START Records for processing

Lemma hit_prob_ge (x : bits n) : basin b x -> margin R b x <= 2 -> (n%:R * n%:R)^-1 <= hit_prob x.
Proof.
move=> x_basin; rewrite margin_basin // (ler_nat R _ 2) => small.
have [k xk] : exists k, tnth x k = b by apply: has_anchor_bit; move: x_basin; rewrite /basin; lia.
have tgt_flip : tgt (flip k x) by rewrite tgtE /basin adist_flip // -leqNgt; lia.
apply: le_trans (mutp_flip_ge _ n_gt0 k x) _.
by rewrite /hit_prob (bigD1 (flip k x)) //= lerDl sumr_ge0 // => y _; apply: mutp_ge0.
Qed.

End Drift.

Lemma potential_ge_small (R : realDomainType) n mu b kappa (Q : pop mu n) :
  anchored b kappa Q ->
  3 * mu%:R - 2 * \sum_(i < mu) ((margin R b (tnth Q i) <= 2)%R : nat)%:R <= potential R b Q.
Proof.
case/andP=> _ /all_tnthP Q_basin.
have -> : 3 * mu%:R = \sum_(i < mu) (3 : R) by rewrite sumr_const card_ord mulr_natr.
rewrite mulr_sumr -sumrB /potential ler_sum // => i _.
have := margin_ge1 R (Q_basin i); have := @margin_gt2 R _ _ _ (Q_basin i).
by case: lerP => /=; lra.
Qed.

Section DriftBound.
Variables (R : realType) (geno b : bool) (n kappa mu : nat)
  (tb : seq (bits n) -> seq nat) (tgt : pred (bits n)).
Hypotheses (tb_sort : valid_sort tb) (kappa_gt0 : (0 < kappa)%N) (n_gt0 : (0 < n)%N)
  (kappa_lt : (kappa < mu)%N) (tgtE : forall x, tgt x = ~~ basin b x)
  (kappa_n2 : (kappa * n ^ 2 <= 4 * mu)%N) (mu_ge : (12 * n <= mu)%N).
Variable Q : pop mu n.
Hypothesis Q_anchored : anchored b kappa Q.

Let Phi := potential R b Q.
Let a := Phi - (Phi - (kappa * n)%:R) / mu%:R.
Let k := (a - n%:R) / (n%:R * n%:R).
Let small (i : 'I_mu) : R := ((margin R b (tnth Q i) <= 2)%R : nat)%:R.

Lemma mu_gt0 : 0 < mu%:R :> R.
Proof. by rewrite ltr0n; lia. Qed.

Lemma mu_mul_a : mu%:R * a = mu%:R * Phi - Phi + (kappa * n)%:R.
Proof. by rewrite /a; field; rewrite gt_eqF ?mu_gt0. Qed.

Lemma a_sub_n_ge : mu%:R / 4 <= a - n%:R.
Proof.
have Phi_ge : mu%:R <= Phi := potential_ge R Q_anchored.
have mu_ge' : 12 * n%:R <= mu%:R :> R by rewrite -natrM ler_nat.
have n_ge1 : 1 <= n%:R :> R by rewrite ler1n.
rewrite -(ler_pM2l mu_gt0) mulrBr mu_mul_a natrM.
have mu_ge1 : 1 <= mu%:R :> R by rewrite ler1n; lia.
have : 0 <= (Phi - mu%:R) * (mu%:R - 1) by apply: mulr_ge0; lra.
have : 0 <= mu%:R * (n%:R - 1) :> R by apply: mulr_ge0; lra.
have : 0 <= kappa%:R * n%:R :> R by apply: mulr_ge0.
nra.
Qed.

Lemma parent_step (i : 'I_mu) :
  \sum_(y | ~~ tgt y) mutp R (tnth Q i) y *
     \sum_(z <- worst geno kappa tb Q y) (size (worst geno kappa tb Q y))%:R^-1 *
        potential R b (next_pop geno kappa tb Q y z)
  <= a + (1 - 2 / n%:R) * margin R b (tnth Q i) - k * small i.
Proof.
have a_ge := a_sub_n_ge; have a_n : n%:R <= a by have := mu_gt0; lra.
apply: le_trans (_ : \sum_(y | ~~ tgt y) mutp R (tnth Q i) y * (a + margin R b y) <= _).
  apply: ler_sum => y; rewrite tgtE negbK => y_basin; rewrite ler_wpM2l ?mutp_ge0 //.
  have := expected_potential_next_pop geno tb_sort kappa_gt0 n_gt0 kappa_lt Q_anchored y_basin R. move=> h.
  by rewrite /a /Phi; lra.
apply: le_trans (sum_mutp_survivor b tgt _ a_n) _; rewrite lerD2l lerN2.
have k0 : 0 <= k by rewrite divr_ge0 ?mulr_ge0 //; lra.
rewrite /small; case: lerP => /= [small_i|_]; last first.
  by rewrite mulr0 mulr_ge0 ?hit_prob_ge0 //; lra.
rewrite mulr1 /k; apply: ler_wpM2l; first lra.
have /andP[_ /all_tnthP Q_basin] := Q_anchored.
by have := hit_prob_ge n_gt0 tgtE (Q_basin i) small_i.
Qed.

Lemma drift :
  \sum_P trans R geno kappa tb tgt Q P * potential R b P
  <= (1 - (2 * mu%:R * n%:R)^-1) * potential R b Q.
Proof.
rewrite sum_transE; apply: le_trans (_ : \sum_(i < mu) mu%:R^-1 *
  (a + (1 - 2 / n%:R) * margin R b (tnth Q i) - k * small i) <= _).
  by apply: ler_sum => i _; rewrite ler_wpM2l ?invr_ge0 ?ler0n ?parent_step.
rewrite -mulr_sumr sumrB big_split /= sumr_const card_ord -!mulr_sumr -[a *+ mu]mulr_natl.
rewrite (_ : \sum_(i < mu) _ = Phi) //.
apply: (drift_arith (kap := kappa%:R)); rewrite ?ltr0n ?mu_gt0 //.
- by lia.
- by apply: sumr_ge0 => i _; rewrite ler0n.
- have n0 : 0 < n%:R :> R by rewrite ltr0n.
  rewrite /k mulrAC invfM mulrA mulfK ?gt_eqF // ler_pdivlMr //.
  have : 12 * n%:R <= mu%:R :> R by rewrite -natrM ler_nat.
  by have := a_sub_n_ge; lra.
- by rewrite -!natrM ler_nat -mulnA mulnn.
- exact: (potential_ge_small R Q_anchored).
by rewrite mu_mul_a natrM.
Qed.
(* Write B = U A V and S = |lambda_1 ... lambda_i|.
   Upper bound: over an ultrametric field the product of any k eigenvalues of a matrix is
   bounded by its largest k x k minor, by deflating one eigenvalue at a time: conjugating by
   an integral matrix of unit determinant whose last row is a normalised left eigenvector
   splits off that eigenvalue.  By Cauchy-Binet, multiplying by integral matrices does not
   increase the largest minors, so the top i eigenvalues of B have product of norm at most
   sigma_1 ... sigma_i (A) = S.
   Lower bound: up to a unit, char B = det (X W - A) with W = U^-1 V^-1 = 1 mod m_F.
   Expanding row by row, the coefficient of X^(n-i) is a sum of determinants with i rows
   taken from -A and the others from W; replacing W by 1 changes it by at most theta * S
   with theta < 1.  The gap |lambda_i| > |lambda_(i+1)| makes the corresponding coefficient
   of char A, an elementary symmetric function of the lambdas, have norm exactly S.  Hence
   the coefficient of char B has norm S, and it is bounded by the product of the i largest
   eigenvalues of B. *)

(** * Determinant identities *)

Lemma det_mulmx_colsub (T : comPzRingType) k n (P : 'M[T]_(k, n)) (Q : 'M[T]_(n, k)) :
  \det (P *m Q) = \sum_(h : {ffun 'I_k -> 'I_n}) \det (colsub h P) * \prod_b Q (h b) b.
Proof.
rewrite /determinant.
under eq_bigr => s _.
  under eq_bigr => a _ do rewrite mxE.
  rewrite bigA_distr_bigA /=.
  rewrite (reindex (fun h : {ffun 'I_k -> 'I_n} => [ffun a => h (s a)])) /=; last first.
    exists (fun h : {ffun 'I_k -> 'I_n} => [ffun b => h ((s^-1)%g b)]) => h _.
      by apply/ffunP => b; rewrite !ffunE permKV.
    by apply/ffunP => b; rewrite !ffunE permK.
  under eq_bigr => h _.
    rewrite big_split /=.
    under eq_bigr => a _ do rewrite ffunE.
    under [X in _ * X]eq_bigr => a _ do rewrite ffunE.
    rewrite [X in _ * X](reindex_inj (@perm_inj _ s^-1)%g) /=.
    under [X in _ * X]eq_bigr => a _ do rewrite permKV.
    over.
  rewrite mulr_sumr; over.
rewrite exchange_big /=; apply: eq_bigr => h _.
rewrite mulr_suml; apply: eq_bigr => s _.
by rewrite mulrA; congr (_ * _ * _); apply: eq_bigr => a _; rewrite mxE.
Qed.

Definition mixmx (T : Type) n (S : {set 'I_n}) (A W : 'M[T]_n) : 'M[T]_n :=
  \matrix_(a, b) if a \in S then A a b else W a b.

Lemma mixmxT (T : Type) n (A W : 'M[T]_n) : mixmx setT A W = A.
Proof. by apply/matrixP => a b; rewrite mxE in_setT. Qed.

Lemma row'_col'_mixmx (T : Type) n (S : {set 'I_n.+1}) (A W : 'M[T]_n.+1) r j :
  row' r (col' j (mixmx S A W)) =
  mixmx [set a | lift r a \in S] (row' r (col' j A)) (row' r (col' j W)).
Proof. by apply/matrixP => a b; rewrite !mxE inE. Qed.

Lemma card_lift_preimage n (S : {set 'I_n.+1}) r : r \notin S ->
  #|[set a | lift r a \in S]| = #|S|.
Proof.
move=> rS; rewrite -(card_imset _ (@lift_inj _ r)); apply: eq_card => x.
apply/imsetP/idP => [[a]|xS]; first by rewrite inE => aS ->.
by case: (unliftP r x) xS => [y -> yS|-> xS]; [exists y; rewrite ?inE | rewrite xS in rS].
Qed.

Definition pencil_mx (T : comNzRingType) n (W A : 'M[T]_n) : 'M[{poly T}]_n :=
  'X *: map_mx polyC W - map_mx polyC A.

Lemma det_pencil_mx (T : comNzRingType) n (W A : 'M[T]_n) :
  \det (pencil_mx W A) = \sum_(S : {set 'I_n}) 'X^(n - #|S|) * (\det (mixmx S (- A) W))%:P.
Proof.
have XnS (S : {set 'I_n}) (c d : 'I_n -> T) :
    \prod_a (if a \in S then (c a)%:P else 'X * (d a)%:P) =
    'X^(n - #|S|) * (\prod_a (if a \in S then c a else d a))%:P.
  rewrite (eq_bigr (fun a => (if a \in ~: S then 'X else 1) *
                             (if a \in S then c a else d a)%:P)); last first.
    by move=> a _; rewrite in_setC; case: (a \in S); rewrite /= ?mul1r.
  by rewrite big_split /= rmorph_prod -big_mkcond prodr_const cardsCs setCK card_ord.
rewrite /determinant; symmetry.
under eq_bigr => S _ do rewrite rmorph_sum mulr_sumr.
rewrite exchange_big /=; apply: eq_bigr => s _.
rewrite (eq_bigr (fun a => (- A a (s a))%:P + 'X * (W a (s a))%:P)); last first.
  by move=> a _; rewrite !mxE polyCN addrC.
rewrite bigA_distr mulr_sumr; apply: eq_bigr => S _.
rewrite XnS rmorphM /= rmorph_sign mulrCA; congr (_ * (_ * _%:P)).
by apply: eq_bigr => a _; rewrite !mxE.
Qed.

Lemma coef_det_pencil_mx (T : comNzRingType) n (W A : 'M[T]_n) k : (k <= n)%N ->
  (\det (pencil_mx W A))`_(n - k) = \sum_(S : {set 'I_n} | #|S| == k) \det (mixmx S (- A) W).
Proof.
move=> le_kn; rewrite det_pencil_mx coef_sum [RHS]big_mkcond; apply: eq_bigr => S _.
have le_Sn : (#|S| <= n)%N by rewrite -[n in (_ <= n)%N]card_ord max_card.
rewrite coefXnM coefC; have [->|neq_Sk] := eqVneq #|S| k; first by rewrite ltnn subnn.
by case: ltnP => // ?; case: eqP => // ?; case/eqP: neq_Sk; lia.
Qed.

Lemma char_poly_pencil (T : comNzRingType) n (A : 'M[T]_n) :
  char_poly A = \det (pencil_mx 1%:M A).
Proof. by rewrite /char_poly /char_poly_mx /pencil_mx map_mx1 scalemx1. Qed.

Lemma char_poly_mulmx (F : fieldType) n (U A V : 'M[F]_n) :
  U \in unitmx -> V \in unitmx ->
  char_poly (U *m A *m V) = (\det U * \det V)%:P * \det (pencil_mx (invmx U *m invmx V) A).
Proof.
move=> Uu Vu; rewrite /char_poly; have -> : char_poly_mx (U *m A *m V) =
    map_mx polyC U *m pencil_mx (invmx U *m invmx V) A *m map_mx polyC V.
  rewrite /pencil_mx mulmxBr mulmxBl -!map_mxM -scalemxAr -scalemxAl -!map_mxM.
  by rewrite !mulmxA mulmxV // mul1mx mulVmx // map_mx1 scalemx1.
by rewrite !det_mulmx !det_map_mx rmorphM /= mulrAC mulrC.
Qed.

Lemma char_poly_conjmx (F : fieldType) n (K B : 'M[F]_n) : K \in unitmx ->
  char_poly (K *m B *m invmx K) = char_poly B.
Proof.
move=> Ku; rewrite char_poly_mulmx ?unitmx_inv // invmxK mulVmx // char_poly_pencil.
by rewrite -det_mulmx mulmxV // det1 mul1r.
Qed.

Lemma size_char_poly_roots (F : fieldType) n (A : 'M[F]_n) (s : seq F) :
  char_poly A = \prod_(x <- s) ('X - x%:P) -> size s = n.
Proof. by move=> charA; have := size_char_poly A; rewrite charA size_prod_XsubC => -[]. Qed.

Section Deflation.
Variables (T : comNzRingType) (n : nat) (C : 'M[T]_n.+1) (r : 'I_n.+1) (mu : T).
Hypothesis rowC : forall b, C r b = mu * (r == b)%:R.

Lemma char_poly_deflate :
  char_poly C = ('X - mu%:P) * char_poly (row' r (col' r C)).
Proof.
rewrite /char_poly (expand_det_row _ r) (bigD1 r) //= big1 ?addr0.
  rewrite /cofactor row'_col'_char_poly_mx -signr_odd oddD addbb mul1r.
  by rewrite !mxE rowC eqxx mulr1 mulr1n.
by move=> b rb; rewrite !mxE rowC eq_sym (negbTE rb) mulr0 mulr0n subrr mul0r.
Qed.

Lemma det_mxsub_deflate k (f g : 'I_k -> 'I_n) :
  exists f' g' : 'I_k.+1 -> 'I_n.+1,
    \det (mxsub f' g' C) = mu * \det (mxsub f g (row' r (col' r C))).
Proof.
pose ext (h : 'I_k -> 'I_n) a := if unlift ord0 a is Some b then lift r (h b) else r.
exists (ext f), (ext g).
rewrite (expand_det_row _ ord0) (bigD1 ord0) //= big1 ?addr0.
  rewrite mxE /ext unlift_none rowC eqxx mulr1 /cofactor add0n expr0 mul1r.
  by congr (_ * \det _); apply/matrixP => a b; rewrite !mxE !liftK.
move=> b b0; rewrite mxE /ext unlift_none rowC.
by case: unliftP b0 => [b' -> _|-> /eqP //]; rewrite (negbTE (neq_lift _ _)) mulr0 mul0r.
Qed.

End Deflation.

(** * Ultrametric absolute values and integral matrices *)

Section UltrametricAbsoluteValue.
Variables (R : realType) (L : fieldType) (v : L -> R).
Hypothesis hv : nonarch_abs v.

Lemma absv_ge0 x : 0 <= v x. Proof. by case: hv. Qed.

END Records for processing

What is expected:
Please copy each line of the records above in which the word "rmorphM" can be found.

Response to this exercise:
rewrite XnS rmorphM /= rmorph_sign mulrCA; congr (_ * (_ * _%:P)).
by rewrite !det_mulmx !det_map_mx rmorphM /= mulrAC mulrC.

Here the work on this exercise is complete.